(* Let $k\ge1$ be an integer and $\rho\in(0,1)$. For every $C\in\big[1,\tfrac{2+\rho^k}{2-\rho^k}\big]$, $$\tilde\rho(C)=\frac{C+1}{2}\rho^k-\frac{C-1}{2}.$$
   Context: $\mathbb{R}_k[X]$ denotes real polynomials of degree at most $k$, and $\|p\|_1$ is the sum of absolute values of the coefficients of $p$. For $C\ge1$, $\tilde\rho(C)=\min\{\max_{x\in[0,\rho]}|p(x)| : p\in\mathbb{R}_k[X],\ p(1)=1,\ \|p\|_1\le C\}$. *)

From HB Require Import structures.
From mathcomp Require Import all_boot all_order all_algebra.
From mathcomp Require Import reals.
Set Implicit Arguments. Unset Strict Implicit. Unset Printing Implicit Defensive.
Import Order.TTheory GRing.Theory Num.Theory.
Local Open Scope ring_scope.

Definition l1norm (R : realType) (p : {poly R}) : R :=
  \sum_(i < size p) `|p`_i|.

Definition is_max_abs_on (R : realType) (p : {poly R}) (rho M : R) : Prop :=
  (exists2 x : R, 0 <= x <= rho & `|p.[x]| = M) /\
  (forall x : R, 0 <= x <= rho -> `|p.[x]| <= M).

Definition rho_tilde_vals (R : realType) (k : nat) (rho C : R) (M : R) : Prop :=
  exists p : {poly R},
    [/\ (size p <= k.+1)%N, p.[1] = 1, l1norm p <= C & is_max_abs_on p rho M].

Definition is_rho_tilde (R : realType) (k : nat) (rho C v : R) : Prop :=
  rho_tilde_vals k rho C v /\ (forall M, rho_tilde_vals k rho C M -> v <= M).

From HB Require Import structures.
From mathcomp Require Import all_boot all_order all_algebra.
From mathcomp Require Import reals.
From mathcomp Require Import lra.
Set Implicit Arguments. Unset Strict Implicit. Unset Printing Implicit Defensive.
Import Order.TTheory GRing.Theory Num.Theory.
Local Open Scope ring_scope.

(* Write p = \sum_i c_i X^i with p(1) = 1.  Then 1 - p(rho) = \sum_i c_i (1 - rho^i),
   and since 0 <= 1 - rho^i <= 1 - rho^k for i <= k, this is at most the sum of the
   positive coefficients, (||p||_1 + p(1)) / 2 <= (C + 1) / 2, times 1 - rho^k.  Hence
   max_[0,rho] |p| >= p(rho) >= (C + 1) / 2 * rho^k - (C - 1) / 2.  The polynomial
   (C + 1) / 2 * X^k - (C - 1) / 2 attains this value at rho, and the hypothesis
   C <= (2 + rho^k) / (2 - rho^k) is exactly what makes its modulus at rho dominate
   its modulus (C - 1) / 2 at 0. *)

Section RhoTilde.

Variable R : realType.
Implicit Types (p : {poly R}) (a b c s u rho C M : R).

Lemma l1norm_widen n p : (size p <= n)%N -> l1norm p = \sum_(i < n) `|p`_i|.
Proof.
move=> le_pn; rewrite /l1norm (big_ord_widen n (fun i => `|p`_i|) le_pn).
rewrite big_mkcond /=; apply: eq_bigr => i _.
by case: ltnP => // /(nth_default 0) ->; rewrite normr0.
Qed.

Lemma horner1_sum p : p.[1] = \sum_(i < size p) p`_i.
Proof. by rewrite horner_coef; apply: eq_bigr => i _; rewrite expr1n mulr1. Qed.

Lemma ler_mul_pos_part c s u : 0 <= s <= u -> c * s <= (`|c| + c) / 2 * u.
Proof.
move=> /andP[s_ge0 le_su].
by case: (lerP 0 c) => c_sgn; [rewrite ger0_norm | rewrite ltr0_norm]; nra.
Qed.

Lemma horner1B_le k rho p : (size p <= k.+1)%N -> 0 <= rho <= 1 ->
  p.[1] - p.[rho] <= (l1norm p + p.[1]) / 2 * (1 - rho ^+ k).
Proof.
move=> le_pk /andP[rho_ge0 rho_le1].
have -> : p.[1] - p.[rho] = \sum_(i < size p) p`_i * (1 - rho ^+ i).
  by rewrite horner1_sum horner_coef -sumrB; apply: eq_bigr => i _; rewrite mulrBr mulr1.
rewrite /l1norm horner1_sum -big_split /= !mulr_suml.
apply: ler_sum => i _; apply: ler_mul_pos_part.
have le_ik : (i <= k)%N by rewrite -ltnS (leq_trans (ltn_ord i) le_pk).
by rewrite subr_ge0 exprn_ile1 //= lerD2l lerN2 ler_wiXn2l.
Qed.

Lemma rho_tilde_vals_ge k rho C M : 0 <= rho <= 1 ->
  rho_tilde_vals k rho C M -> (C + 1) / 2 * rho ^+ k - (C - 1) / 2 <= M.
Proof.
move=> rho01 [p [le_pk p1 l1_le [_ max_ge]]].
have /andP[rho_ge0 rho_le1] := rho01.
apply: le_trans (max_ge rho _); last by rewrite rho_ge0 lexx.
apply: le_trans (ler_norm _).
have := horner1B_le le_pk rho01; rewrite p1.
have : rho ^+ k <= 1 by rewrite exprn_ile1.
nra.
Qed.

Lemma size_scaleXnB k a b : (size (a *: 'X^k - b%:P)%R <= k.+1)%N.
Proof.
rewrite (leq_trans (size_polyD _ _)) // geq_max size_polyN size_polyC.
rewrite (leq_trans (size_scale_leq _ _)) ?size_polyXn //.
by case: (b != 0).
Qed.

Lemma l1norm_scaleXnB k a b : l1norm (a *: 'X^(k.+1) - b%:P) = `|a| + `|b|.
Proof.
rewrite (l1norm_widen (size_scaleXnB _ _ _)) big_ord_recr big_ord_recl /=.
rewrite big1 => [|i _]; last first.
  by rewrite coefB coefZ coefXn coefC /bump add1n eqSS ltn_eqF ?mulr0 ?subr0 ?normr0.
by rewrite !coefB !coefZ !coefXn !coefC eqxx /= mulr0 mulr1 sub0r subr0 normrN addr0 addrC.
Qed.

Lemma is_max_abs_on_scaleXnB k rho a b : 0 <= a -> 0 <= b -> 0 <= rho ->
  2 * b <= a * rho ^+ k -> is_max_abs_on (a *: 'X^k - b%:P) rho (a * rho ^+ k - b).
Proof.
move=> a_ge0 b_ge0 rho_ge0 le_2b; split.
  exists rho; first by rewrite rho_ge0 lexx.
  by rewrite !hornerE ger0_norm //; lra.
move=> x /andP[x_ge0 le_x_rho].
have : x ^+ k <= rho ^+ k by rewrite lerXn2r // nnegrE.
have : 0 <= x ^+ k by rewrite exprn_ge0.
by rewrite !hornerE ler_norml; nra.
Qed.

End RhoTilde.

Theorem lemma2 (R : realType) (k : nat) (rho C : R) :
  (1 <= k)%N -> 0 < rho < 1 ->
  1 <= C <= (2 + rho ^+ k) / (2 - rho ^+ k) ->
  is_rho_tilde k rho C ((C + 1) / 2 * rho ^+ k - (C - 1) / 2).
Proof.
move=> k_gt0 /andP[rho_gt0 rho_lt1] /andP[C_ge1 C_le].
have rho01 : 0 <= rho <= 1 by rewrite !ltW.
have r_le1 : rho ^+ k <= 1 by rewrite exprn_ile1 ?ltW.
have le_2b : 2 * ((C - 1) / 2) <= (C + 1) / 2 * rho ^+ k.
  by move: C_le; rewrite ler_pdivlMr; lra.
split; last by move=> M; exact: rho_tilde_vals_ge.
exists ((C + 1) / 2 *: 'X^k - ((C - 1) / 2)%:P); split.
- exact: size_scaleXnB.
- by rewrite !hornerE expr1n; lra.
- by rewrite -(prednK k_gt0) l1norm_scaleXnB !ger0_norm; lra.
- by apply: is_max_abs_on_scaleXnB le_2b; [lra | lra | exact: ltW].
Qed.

******

What is needed is an exact copy of all the records.

(* Let $k\ge1$ be an integer and $\rho\in(0,1)$. For every $C\in\big[1,\tfrac{2+\rho^k}{2-\rho^k}\big]$, $$\tilde\rho(C)=\frac{C+1}{2}\rho^k-\frac{C-1}{2}.$$
   Context: $\mathbb{R}_k[X]$ denotes real polynomials of degree at most $k$, and $\|p\|_1$ is the sum of absolute values of the coefficients of $p$. For $C\ge1$, $\tilde\rho(C)=\min\{\max_{x\in[0,\rho]}|p(x)| : p\in\mathbb{R}_k[X],\ p(1)=1,\ \|p\|_1\le C\}$. *)

From HB Require Import structures.
From mathcomp Require Import all_boot all_order all_algebra.
From mathcomp Require Import reals.
Set Implicit Arguments. Unset Strict Implicit. Unset Printing Implicit Defensive.
Import Order.TTheory GRing.Theory Num.Theory.
Local Open Scope ring_scope.

Definition l1norm (R : realType) (p : {poly R}) : R :=
  \sum_(i < size p) `|p`_i|.

Definition is_max_abs_on (R : realType) (p : {poly R}) (rho M : R) : Prop :=
  (exists2 x : R, 0 <= x <= rho & `|p.[x]| = M) /\
  (forall x : R, 0 <= x <= rho -> `|p.[x]| <= M).

Definition rho_tilde_vals (R : realType) (k : nat) (rho C : R) (M : R) : Prop :=
  exists p : {poly R},
    [/\ (size p <= k.+1)%N, p.[1] = 1, l1norm p <= C & is_max_abs_on p rho M].

Definition is_rho_tilde (R : realType) (k : nat) (rho C v : R) : Prop :=
  rho_tilde_vals k rho C v /\ (forall M, rho_tilde_vals k rho C M -> v <= M).

From HB Require Import structures.
From mathcomp Require Import all_boot all_order all_algebra.
From mathcomp Require Import reals.
From mathcomp Require Import lra.
Set Implicit Arguments. Unset Strict Implicit. Unset Printing Implicit Defensive.
Import Order.TTheory GRing.Theory Num.Theory.
Local Open Scope ring_scope.

(* Write p = \sum_i c_i X^i with p(1) = 1.  Then 1 - p(rho) = \sum_i c_i (1 - rho^i),
   and since 0 <= 1 - rho^i <= 1 - rho^k for i <= k, this is at most the sum of the
   positive coefficients, (||p||_1 + p(1)) / 2 <= (C + 1) / 2, times 1 - rho^k.  Hence
   max_[0,rho] |p| >= p(rho) >= (C + 1) / 2 * rho^k - (C - 1) / 2.  The polynomial
   (C + 1) / 2 * X^k - (C - 1) / 2 attains this value at rho, and the hypothesis
   C <= (2 + rho^k) / (2 - rho^k) is exactly what makes its modulus at rho dominate
   its modulus (C - 1) / 2 at 0. *)

Section RhoTilde.

Variable R : realType.
Implicit Types (p : {poly R}) (a b c s u rho C M : R).

Lemma l1norm_widen n p : (size p <= n)%N -> l1norm p = \sum_(i < n) `|p`_i|.
Proof.
move=> le_pn; rewrite /l1norm (big_ord_widen n (fun i => `|p`_i|) le_pn).
rewrite big_mkcond /=; apply: eq_bigr => i _.
by case: ltnP => // /(nth_default 0) ->; rewrite normr0.
Qed.

Lemma horner1_sum p : p.[1] = \sum_(i < size p) p`_i.
Proof. by rewrite horner_coef; apply: eq_bigr => i _; rewrite expr1n mulr1. Qed.

Lemma ler_mul_pos_part c s u : 0 <= s <= u -> c * s <= (`|c| + c) / 2 * u.
Proof.
move=> /andP[s_ge0 le_su].
by case: (lerP 0 c) => c_sgn; [rewrite ger0_norm | rewrite ltr0_norm]; nra.
Qed.

Lemma horner1B_le k rho p : (size p <= k.+1)%N -> 0 <= rho <= 1 ->
  p.[1] - p.[rho] <= (l1norm p + p.[1]) / 2 * (1 - rho ^+ k).
Proof.
move=> le_pk /andP[rho_ge0 rho_le1].
have -> : p.[1] - p.[rho] = \sum_(i < size p) p`_i * (1 - rho ^+ i).
  by rewrite horner1_sum horner_coef -sumrB; apply: eq_bigr => i _; rewrite mulrBr mulr1.
rewrite /l1norm horner1_sum -big_split /= !mulr_suml.
apply: ler_sum => i _; apply: ler_mul_pos_part.
have le_ik : (i <= k)%N by rewrite -ltnS (leq_trans (ltn_ord i) le_pk).
by rewrite subr_ge0 exprn_ile1 //= lerD2l lerN2 ler_wiXn2l.
Qed.

Lemma rho_tilde_vals_ge k rho C M : 0 <= rho <= 1 ->
  rho_tilde_vals k rho C M -> (C + 1) / 2 * rho ^+ k - (C - 1) / 2 <= M.
Proof.
move=> rho01 [p [le_pk p1 l1_le [_ max_ge]]].
have /andP[rho_ge0 rho_le1] := rho01.
apply: le_trans (max_ge rho _); last by rewrite rho_ge0 lexx.
apply: le_trans (ler_norm _).
have := horner1B_le le_pk rho01; rewrite p1.
have : rho ^+ k <= 1 by rewrite exprn_ile1.
nra.
Qed.

Lemma size_scaleXnB k a b : (size (a *: 'X^k - b%:P)%R <= k.+1)%N.
Proof.
rewrite (leq_trans (size_polyD _ _)) // geq_max size_polyN size_polyC.
rewrite (leq_trans (size_scale_leq _ _)) ?size_polyXn //.
by case: (b != 0).
Qed.

Lemma l1norm_scaleXnB k a b : l1norm (a *: 'X^(k.+1) - b%:P) = `|a| + `|b|.
Proof.
rewrite (l1norm_widen (size_scaleXnB _ _ _)) big_ord_recr big_ord_recl /=.
rewrite big1 => [|i _]; last first.
  by rewrite coefB coefZ coefXn coefC /bump add1n eqSS ltn_eqF ?mulr0 ?subr0 ?normr0.
by rewrite !coefB !coefZ !coefXn !coefC eqxx /= mulr0 mulr1 sub0r subr0 normrN addr0 addrC.
Qed.

Lemma is_max_abs_on_scaleXnB k rho a b : 0 <= a -> 0 <= b -> 0 <= rho ->
  2 * b <= a * rho ^+ k -> is_max_abs_on (a *: 'X^k - b%:P) rho (a * rho ^+ k - b).
Proof.
move=> a_ge0 b_ge0 rho_ge0 le_2b; split.
  exists rho; first by rewrite rho_ge0 lexx.
  by rewrite !hornerE ger0_norm //; lra.
move=> x /andP[x_ge0 le_x_rho].
have : x ^+ k <= rho ^+ k by rewrite lerXn2r // nnegrE.
have : 0 <= x ^+ k by rewrite exprn_ge0.
by rewrite !hornerE ler_norml; nra.
Qed.

End RhoTilde.

Theorem lemma2 (R : realType) (k : nat) (rho C : R) :
  (1 <= k)%N -> 0 < rho < 1 ->
  1 <= C <= (2 + rho ^+ k) / (2 - rho ^+ k) ->
  is_rho_tilde k rho C ((C + 1) / 2 * rho ^+ k - (C - 1) / 2).
Proof.
move=> k_gt0 /andP[rho_gt0 rho_lt1] /andP[C_ge1 C_le].
have rho01 : 0 <= rho <= 1 by rewrite !ltW.
have r_le1 : rho ^+ k <= 1 by rewrite exprn_ile1 ?ltW.
have le_2b : 2 * ((C - 1) / 2) <= (C + 1) / 2 * rho ^+ k.
  by move: C_le; rewrite ler_pdivlMr; lra.
split; last by move=> M; exact: rho_tilde_vals_ge.
exists ((C + 1) / 2 *: 'X^k - ((C - 1) / 2)%:P); split.
- exact: size_scaleXnB.
- by rewrite !hornerE expr1n; lra.
- by rewrite -(prednK k_gt0) l1norm_scaleXnB !ger0_norm; lra.
- by apply: is_max_abs_on_scaleXnB le_2b; [lra | lra | exact: ltW].
Qed.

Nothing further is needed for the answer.